Records to use:

(* Let $\Gamma\subseteq A$ be $\Bbbk$-algebras, $\sim$ an equivalence relation on $\mathrm{cfs}(\Gamma)$, and suppose $\Gamma$ is a strong Harish-Chandra block subalgebra of $A$ with respect to $\sim$. Let $B,C,D\in\mathrm{cfs}(\Gamma)/{\sim}$, $\mathfrak m\in\mathcal W(B)$ and $\mathfrak l\in\mathcal W(D)$. Then there is $\mathfrak n\in\mathcal W(C)$ such that $$A/(\mathfrak lA+A\mathfrak n)\cong(A/\mathfrak lA)(C)\quad\text{and}\quad A/(\mathfrak nA+A\mathfrak m)\cong(A/A\mathfrak m)(C)$$ as $(\Gamma,\Gamma)$-bimodules.
   Context: $\mathrm{cfs}(\Gamma)$: maximal two-sided ideals $\mathfrak m$ with $\dim\Gamma/\mathfrak m<\infty$. For a class $B$, $\mathcal W(B)=\{\mathfrak m_1\cdots\mathfrak m_k:k\ge0,\mathfrak m_i\in B\}$. For a left $\Gamma$-module $V$, $V(B)=\{v:\mathfrak mv=0$ for some $\mathfrak m\in\mathcal W(B)\}$; for a right $\Gamma$-module (such as $A/\mathfrak lA$), $V(B)=\{v:v\mathfrak m=0$ for some $\mathfrak m\in\mathcal W(B)\}$. A strong block module is one with $V=\bigoplus_BV(B)$ and each $V(B)$ killed by some element of $\mathcal W(B)$. $\Gamma$ is a strong Harish-Chandra block subalgebra of $A$ if for all $B$ and $\mathfrak m\in\mathcal W(B)$, the left module $A/A\mathfrak m$ and the right module $A/\mathfrak mA$ are strong block modules. *)

From HB Require Import structures.
From mathcomp Require Import all_boot all_order all_algebra.
From Stdlib Require List.
Set Implicit Arguments. Unset Strict Implicit. Unset Printing Implicit Defensive.
Import GRing.Theory.
Local Open Scope ring_scope.

(* Setting: k a field, A a k-algebra (algType k), Gamma a (unital)
   k-subalgebra of A given as a predicate [G : {pred A}] with [subalg_closed G]. *)

Section HC.
Variables (k : fieldType) (A : algType k) (G : {pred A}).

Definition Gset : A -> Prop := fun x => x \in G.
Definition Aall : A -> Prop := fun _ => True.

Exercise description:
Whenever the word "Import" shows up in a line of the entries, list that line.

Result of this exercise:
From HB Require Import structures.
From mathcomp Require Import all_boot all_order all_algebra.
Import GRing.Theory.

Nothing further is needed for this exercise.